All my objections do not mean there is no problem at all. My objections do mean that this book does not show whether there is a problem and if so what the causes are. From personal observation as a part time consultant I am sometimes amazed by the amount of consultants working in organizations, both public and private. Sometimes I also wondered what quality these consultants were delivering. From some research I did a couple of years ago in the Netherlands into over 100 consulting projects, I also learned that consultancies that work exclusively for the public sector, use less sophisticated business models than those working for the private sector. Why? Is it the same in other countries? Was this just due to my specific sample?

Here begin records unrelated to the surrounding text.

Lemma ln_lam_dyadic_bounds (k n : nat) : (2 ^ k <= n <= 2 ^ S k)%nat ->
  (INR k - Rabs (ln lam) / ln 2) * ln 2 <= ln (lam * INR n)
  <= (INR k + 1 + Rabs (ln lam) / ln 2) * ln 2.
Proof.
  intros Hn. pose proof ln_lt_2.
  assert (0 < INR n) by (apply lt_0_INR; pose proof (pow2_ge1 k); lia).
  pose proof (ln_INR_dyadic_bounds k n Hn).
  pose proof (Rle_abs (ln lam)). pose proof (Rle_abs (- ln lam)). rewrite Rabs_Ropp in *.
  rewrite Rmult_minus_distr_r, !Rmult_plus_distr_r.
  replace (Rabs (ln lam) / ln 2 * ln 2) with (Rabs (ln lam)) by (field; lra).
  rewrite ln_mult by lra. lra.
Qed.

Lemma eventually_small_error (delta : R) : 0 < delta ->
  exists N, forall n, (N <= n)%nat -> Rabs (e n) < delta.
Proof.
  intros Hdelta. apply is_lim_seq_spec in He.
  destruct (He (mkposreal delta Hdelta)) as [N HN].
  exists N. intros n Hn. specialize (HN n Hn). simpl in HN. rewrite Rminus_0_r in HN. exact HN.
Qed.

Lemma dyadic_block_raabe_upper : ln 2 < B -> exists K c gamma,
  1 < gamma /\ 1 <= INR K + c /\ forall k, (K <= k)%nat ->
  (INR k + c) * dyadic_block a (S k) <= (INR k + c - gamma) * dyadic_block a k.
Proof.
  intros HB. pose proof ln_lt_2.
  set (A := Rabs (ln lam) / ln 2).
  assert (HA : 0 <= A) by (apply Rle_mult_inv_pos; [apply Rabs_pos|lra]).
  set (delta := (B - ln 2) / 2).
  set (gamma := (B - delta) / ln 2).
  assert (Hgamma : gamma * ln 2 = B - delta) by (unfold gamma; field; lra).
  destruct (eventually_small_error delta ltac:(unfold delta; lra)) as [N HN].
  destruct (INR_unbounded A) as [K0 HK0].
  exists (N + K0)%nat, (1 + A), gamma.
  split; [unfold delta in Hgamma; nra|].
  split; [pose proof (pos_INR (N + K0)); lra|].
  intros k Hk.
  assert (HkA : A < INR k) by (apply Rlt_le_trans with (INR K0); [lra|apply le_INR; lia]).
  assert (Hratio : dyadic_block a (S k) <= (1 - gamma / (INR k + (1 + A))) * dyadic_block a k).
  { apply dyadic_block_succ_le. intros n Hn.
    pose proof (Nat.pow_gt_lin_r 2 k).
    rewrite Hpair by lia. apply Rmult_le_compat_r; [left; apply Hpos; lia|].
    apply Rplus_le_compat_l, Ropp_le_contravar.
    destruct (Rabs_def2 _ _ (HN n ltac:(lia))).
    destruct (ln_lam_dyadic_bounds k n ltac:(lia)) as [HL1 HL2]. fold A in HL1, HL2.
    assert (HL0 : 0 < (INR k - A) * ln 2) by (apply Rmult_lt_0_compat; lra).
    replace (gamma / (INR k + (1 + A))) with ((B - delta) / ((INR k + 1 + A) * ln 2))
      by (rewrite <- Hgamma; field; lra).
    apply Rdiv_le_compat; unfold delta in *; [lra | lra | split; lra]. }
  pose proof (dyadic_block_pos a k Hpos).
  replace (INR k + (1 + A) - gamma) with ((INR k + (1 + A)) * (1 - gamma / (INR k + (1 + A))))
    by (field; lra).
  rewrite Rmult_assoc. apply Rmult_le_compat_l; lra.
Qed.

Anyway: my feeling (not fact!) is that is good to discuss how governments use consultants (in fact I have said so in a 2016 interview in a Dutch newspaper). But we need to do so based on facts and reason not based on preconceived notions and a limited understanding of the facts.

As to the recommendations in the book: with so little empirical evidence and sound reasoning, any recommendation about how to deal with consultants seems premature. This book does not provide a solid basis for policy. Nevertheless some of the ideas presented are good practice no matter what. Focusing on learning from consultants rather that leaving everything up to the consultant is a good practice under any circumstance. Creating capability in the government by investing in internal consultancy departments is a good idea as well, at it is for any other organization. In fact, I have worked with excellent consultants inside the Dutch government in the past and found that very useful.

This book is a pamphlet that aims to set an agenda; it is not an objective analysis. If this book is able to start up a debate in which the truth comes out that will be a contribution to society. If however we accept this book as the truth, society may suffer. Neither the empirical evidence, nor the theory behind it meet basic requirements.

As any good consultant can tell you: without a sound diagnosis any proposal for change is premature.

 

Bronnenmayer, M., Wirtz, B. W., & Göttel, V. (2016a). Determinants of perceived success in management consulting: An empirical investigation from the consultant perspective. Management Research Review39(6), 706-738.

Bronnenmayer, M., Wirtz, B. W., & Göttel, V. (2016b). Success factors of management consulting. Review of Managerial Science10, 1-34.

Forbes, 2015, Many Companies Fail to Realize Optimum Value in Consulting Projects, Says New Study, February 25th.